Here's a question I'm having trouble with:
|x|/|x+2|<2
Solve for x.
I'm trying to use the case method to solve this problem. Basically I just need confirmation that I did this correctly. I'm doing this through distance learning so I can't ask a teacher until Monday.
Case 1:
x is greater than or equal to zero, and x+2 is greater than zero.
x/(x+2)<2
x<2(x+2)
x<2x+4
-x<4
x>-4
Now here's where I get confused... since the assumptions for this case were x>=0 and x+2>0, x must be greater than or equal to zero. When I solved for x in this case, I got x>-4. Reconciling the constraints leaves me back at x>=0. Did I do that correctly?
Case 2:
x is greater than or equal to zero, x+2 is less than xero (x is less than -2.) This isn't possible since there are no numbers that are both greater than or equal to zero and less than -2.
Case 3:
x is less than zero, and x+2 is greater than zero (x>-2)
-x/(x+2)<2
-x<2(x+2)
-x<2x+4
-3x<4
x>-4/3
When I reconcile the constraints, I end up with x is greater than -4/3 but less than zero. Again I am not sure if I did that correctly.
Case 4:
x is less than zero, and x+2 is less than zero (x<-2.)
-x/-(x+2)<2
-x<-2(x+2)
-x<-2x-4
x<-4
Reconciling the constraints leaves me with x<-4.

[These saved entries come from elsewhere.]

Lemma compact_hausdorff_regular (o : X -> Prop) (p : X) :
  op o -> o p ->
  exists n m, op n /\ op m /\ n p /\ (forall x, n x -> m x -> False) /\
    (forall x, ~ o x -> m x).
Proof.
  intros Ho op_p.
  assert (Hsep : forall y, exists UN : (X -> Prop) * (X -> Prop),
    op (fst UN) /\ fst UN y /\ op (snd UN) /\ snd UN p /\
    (o y -> forall x, fst UN x -> o x) /\
    (~ o y -> forall x, fst UN x -> snd UN x -> False)).
  { intros y. destruct (classic (o y)) as [oy | oy].
    - exists (o, fun _ => True). simpl. intuition. apply htop.
    - assert (Hpy : p <> y) by (intros ->; auto).
      destruct (hhaus p y Hpy) as [N [U [? [? [? [? Hd]]]]]].
      exists (U, N). simpl. intuition eauto. }
  apply functional_choice in Hsep as [UN HUN].
  destruct (compact_indexed_subcover hcomp (fun y => fst (UN y))) as [ys Hys];
    [intros y; apply HUN .. |].
  exists (fun x => forall y, In y ys -> snd (UN y) x),
         (fun x => exists y, (In y ys /\ ~ o y) /\ fst (UN y) x).
  repeat split.
  - apply (open_forall_list htop (fun y => snd (UN y))). intros y _. apply HUN.
  - apply (open_exists htop (fun y => In y ys /\ ~ o y) (fun y => fst (UN y))).
    intros y _. apply HUN.
  - intros y _. apply HUN.
  - intros x Hn [y [[Hy oy] Hx]]. destruct (HUN y) as (_ & _ & _ & _ & _ & Hdisj).
    exact (Hdisj oy x Hx (Hn y Hy)).
  - intros x ox. destruct (Hys x) as [y [Hy Hx]], (HUN y) as (_ & _ & _ & _ & Hin & _).
    exists y. repeat split; auto.
Qed.

Lemma lebesgue_entourage (P : (X -> Prop) -> Prop) :
  (forall y, exists c, op c /\ c y /\ P c) ->
  exists (W : X * X -> Prop) (cs : list (X -> Prop)),
    prod_open op op W /\ (forall x, W (x, x)) /\ (forall x y, W (x, y) -> W (y, x)) /\
    (forall c, In c cs -> P c) /\
    (forall y, exists c, In c cs /\ forall x, W (x, y) -> c x).
Proof.
  intros Hcover. apply functional_choice in Hcover as [c Hc].
  assert (Hreg : forall y, exists nm : (X -> Prop) * (X -> Prop),
    op (fst nm) /\ op (snd nm) /\ fst nm y /\ (forall x, fst nm x -> snd nm x -> False) /\
    (forall x, ~ c y x -> snd nm x)).
  { intros y. destruct (Hc y) as (Hcy & cyy & _).
    destruct (compact_hausdorff_regular (c y) y Hcy cyy) as [n [m Hnm]]. exists (n, m). exact Hnm. }
  apply functional_choice in Hreg as [nm Hnm].
  destruct (compact_indexed_subcover hcomp (fun y => fst (nm y))) as [ys Hys];
    [intros y; apply Hnm .. |].
  set (square := fun y (q : X * X) =>
    (c y (fst q) /\ c y (snd q)) \/ (snd (nm y) (fst q) /\ snd (nm y) (snd q))).
  exists (fun q => forall y, In y ys -> square y q), (map c ys). repeat split.
  - apply (open_forall_list (prod_topology htop htop) square). intros y _.
    apply prod_open_union; apply prod_open_box; apply Hc || apply Hnm.
  - intros x y _. destruct (classic (c y x)) as [Hx | Hx]; [left | right; apply Hnm in Hx];
      simpl; auto.
  - intros x1 x2 HW y Hy. destruct (HW y Hy) as [[? ?] | [? ?]]; [left | right]; simpl; auto.
  - intros c' Hc'. apply in_map_iff in Hc' as [y [<- _]]. apply Hc.
  - intros y0. destruct (Hys y0) as [y [Hy Hy0]]. exists (c y). split; [apply in_map; exact Hy |].
    intros x HW. destruct (HW y Hy) as [[? _] | [_ Hm]]; [assumption |].
    destruct (Hnm y) as (_ & _ & _ & Hdisj & _). contradiction (Hdisj y0 Hy0 Hm).
Qed.

Lemma entourage_halve (V : X * X -> Prop) :
  prod_open op op V -> (forall x, V (x, x)) ->
  exists W, prod_open op op W /\ (forall x, W (x, x)) /\ (forall x y, W (x, y) -> W (y, x)) /\
    (forall x y z, W (x, y) -> W (y, z) -> V (x, z)).
Proof.
  intros HV Hdiag.
  destruct (lebesgue_entourage (fun c => forall y z, c y -> c z -> V (y, z)))
    as [W [cs [HW [Wrefl [Wsym [Hcs Hball]]]]]].
  - intros y. destruct (HV (y, y) (Hdiag y)) as [a [b [Ha [Hb [ay [By Hab]]]]]].
    exists (fun z => a z /\ b z). repeat split; try tauto.
    + apply htop; auto.
    + intros z1 z2 [? _] [_ ?]. apply Hab; auto.
  - exists W. repeat split; auto. intros x y z Wxy Wyz.
    destruct (Hball y) as [c [Hc Hcy]]. apply (Hcs c Hc); apply Hcy; auto.
Qed.

End CompactHausdorff.

Lemma linked_self_uncovered {T : Type} {a : T -> T -> Prop} (s1 s2 : T -> Prop) :
  linked a a -> small a s1 -> small a s2 -> exists x, ~ s1 x /\ ~ s2 x.
Proof.
  intros Ha H1 H2. apply NNPP. intros Hno. apply Ha. exists s1, s2. repeat split; auto.
  intros x. apply NNPP. intros Hx. apply Hno. exists x. tauto.
Qed.
Lemma first_small_increment (R : realFieldType) (T : finType) (F : nat -> T)
    (g : T -> R) (th : R) :
  0 < th -> (forall m, 0 <= g (F m) <= 1) ->
  exists k, g (F k.+1) - g (F k) <= th /\ k%:R * th <= 1.
Proof.
move=> th_gt0 g01; set x := fun m => g (F m).
case: (ex_minnP (exists_small_increment F g th_gt0)) => k small_k k_min.
exists k; split=> //.
have grow m : (m <= k)%N -> m%:R * th <= x m - x 0%N.
  elim: m => [|m IH] le_mk; first by rewrite mul0r subrr.
  have : ~~ (x m.+1 - x m <= th) by apply/negP => /k_min; lia.
  rewrite -ltNge -natr1 mulrDl mul1r => large_m.
  by have := IH (ltnW le_mk); lra.
by have := grow k (leqnn k); have := g01 k; have := g01 0%N; rewrite /x; lra.
Qed.

Lemma prob_agree_trivial (R : realFieldType) (S : finType) (P X Y : S -> R)
    (eps delta : R) :
  is_prior P -> (forall s, 0 <= X s <= 1) -> (forall s, 0 <= Y s <= 1) ->
  0 < delta -> 1 < delta \/ 1 <= eps ->
  1 - delta < prob P (fun s => `|X s - Y s| <= eps).
Proof.
move=> [P_ge0 P_sum1] X01 Y01 delta_gt0 [delta_gt1|eps_ge1].
  by apply: (lt_le_trans (y := 0)); [lra | apply: sumr_ge0].
rewrite /prob (eq_bigl xpredT) ?P_sum1; first lra.
move=> s /=; apply: le_trans eps_ge1.
have := X01 s; have := Y01 s; rewrite ler_norml => /andP [? ?] /andP [? ?].
by apply/andP; split; lra.
Qed.

Lemma meeting_time_bound_arith (R : realFieldType) (N k delta eps : R) :
  1 <= N -> 0 < delta <= 1 -> 0 < eps < 1 -> 0 <= k ->
  k * (delta * eps ^+ 2 / (32 * N ^+ 2)) <= 1 ->
  (k + 1) * (2 * N) * (2 * N) <= 132 * N ^+ 7 / (delta * eps) ^+ 2.
Proof.
move=> N_ge1 /andP [delta_gt0 delta_le1] /andP [eps_gt0 eps_lt1] k_ge0 k_th.
have N2_gt0 : 0 < 32 * N ^+ 2 by rewrite mulr_gt0 // exprn_gt0; lra.
have de_gt0 : 0 < (delta * eps) ^+ 2 by rewrite exprn_gt0 // mulr_gt0.
have de_le1 : (delta * eps) ^+ 2 <= 1 by rewrite expr_le1 ?mulr_ge0 ?ltW //; nra.
have kd : k * delta * eps ^+ 2 <= 32 * N ^+ 2.
  by move: k_th; rewrite mulrA ler_pdivrMr // mul1r mulrA.
rewrite ler_pdivlMr //.
have -> : (k + 1) * (2 * N) * (2 * N) * (delta * eps) ^+ 2
    = 4 * N ^+ 2 * delta * (k * delta * eps ^+ 2) + 4 * N ^+ 2 * (delta * eps) ^+ 2.
  by ring.
have N4 : N ^+ 4 <= N ^+ 7 by apply: ler_weXn2l.
have N27 : N ^+ 2 <= N ^+ 7 by apply: ler_weXn2l.
have term1 : 4 * N ^+ 2 * delta * (k * delta * eps ^+ 2) <= 128 * N ^+ 4.
  rewrite (_ : 128 * N ^+ 4 = 4 * N ^+ 2 * (32 * N ^+ 2)); last by ring.
  rewrite -mulrA ler_wpM2l ?mulr_ge0 ?exprn_ge0 //; try lra.
  apply: le_trans kd; rewrite -[X in _ <= X]mul1r ler_wpM2r //.
  by rewrite !mulr_ge0 ?exprn_ge0 // ltW.
have term2 : 4 * N ^+ 2 * (delta * eps) ^+ 2 <= 4 * N ^+ 2.
  by rewrite -[X in _ <= X]mulr1 ler_wpM2l // mulr_ge0 // exprn_ge0; lra.
lra.
Qed.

When I combine all of the solutions from all of the cases, I get a solution set of {x|x<-4 or x>-4/3}
This seems to be correct when I enter test points, but I was wondering if someone could check my work and confirm that I've done it correctly.
Thanks
Randy
Your approach is impeccable.
There is only one little glitch for which you have to watch out.
In case one, you assumed x>0, and x+2>0, and you obtained x>-4, which is inconsistent with your assumption of x>0.
So it should have been revised to x>0.
If you submitted your answer as
(-∞,-4)∪(-4/3,∞)
you would have the correct answer, since [0,∞) from case 1 is absorbed in case 3.
If you had included x>-4 (from case 1), the answer would have been (-∞,∞) which is incorrect.
Thanks for you help. I would have expressed my answer in the way you suggested, but I wasn't sure how to type the infinity symbol. I will watch out for the glitch you mentioned.
Thanks again,
Randy
:)
The infinity symbol at this forum can be typed as follows:
& i n f i n ;
but without the spaces between the characters.
To solve the inequality |x|/|x+2|<2, you have used the case method, which is a valid approach. Let's go through each case and check your work:
Case 1: x >= 0 and x+2 > 0
You correctly simplified the inequality step by step:
x/(x+2) < 2
x < 2(x+2)
x < 2x+4
-x < 4
x > -4
In this case, since the assumptions were x >= 0 and x+2 > 0, we can conclude that x must be greater than or equal to zero. So, x >= 0 is the solution for this case. You've done this part correctly.
Case 2: x >= 0 and x+2 < 0
You noticed that this case is not possible because there are no numbers that are both greater than or equal to zero and less than -2. Hence, there is no solution in this case.
Case 3: x < 0 and x+2 > 0
You correctly simplified the inequality:
-x/(x+2) < 2
-x < 2(x+2)
-x < 2x+4
-3x < 4
x > -4/3
In this case, the assumption was x < 0 and x+2 > 0, which implies x > -2. Comparing the constraints, we find that x must be greater than -4/3 but less than 0. Your solution for this case is correct.
Case 4: x < 0 and x+2 < 0
You correctly simplified the inequality:
-x/-(x+2) < 2
-x < -2(x+2)
-x < -2x-4
x < -4
In this case, the assumption was x < 0 and x+2 < 0, which implies x < -2. Comparing the constraints, we find that x must be less than -4. Your solution for this case is correct.
Combining all the solutions from all the cases, we have x > -4/3 and x < -4. This can also be written as the solution set {x | x < -4 or x > -4/3}.
Overall, your work is correct, and you have correctly solved the inequality using the case method.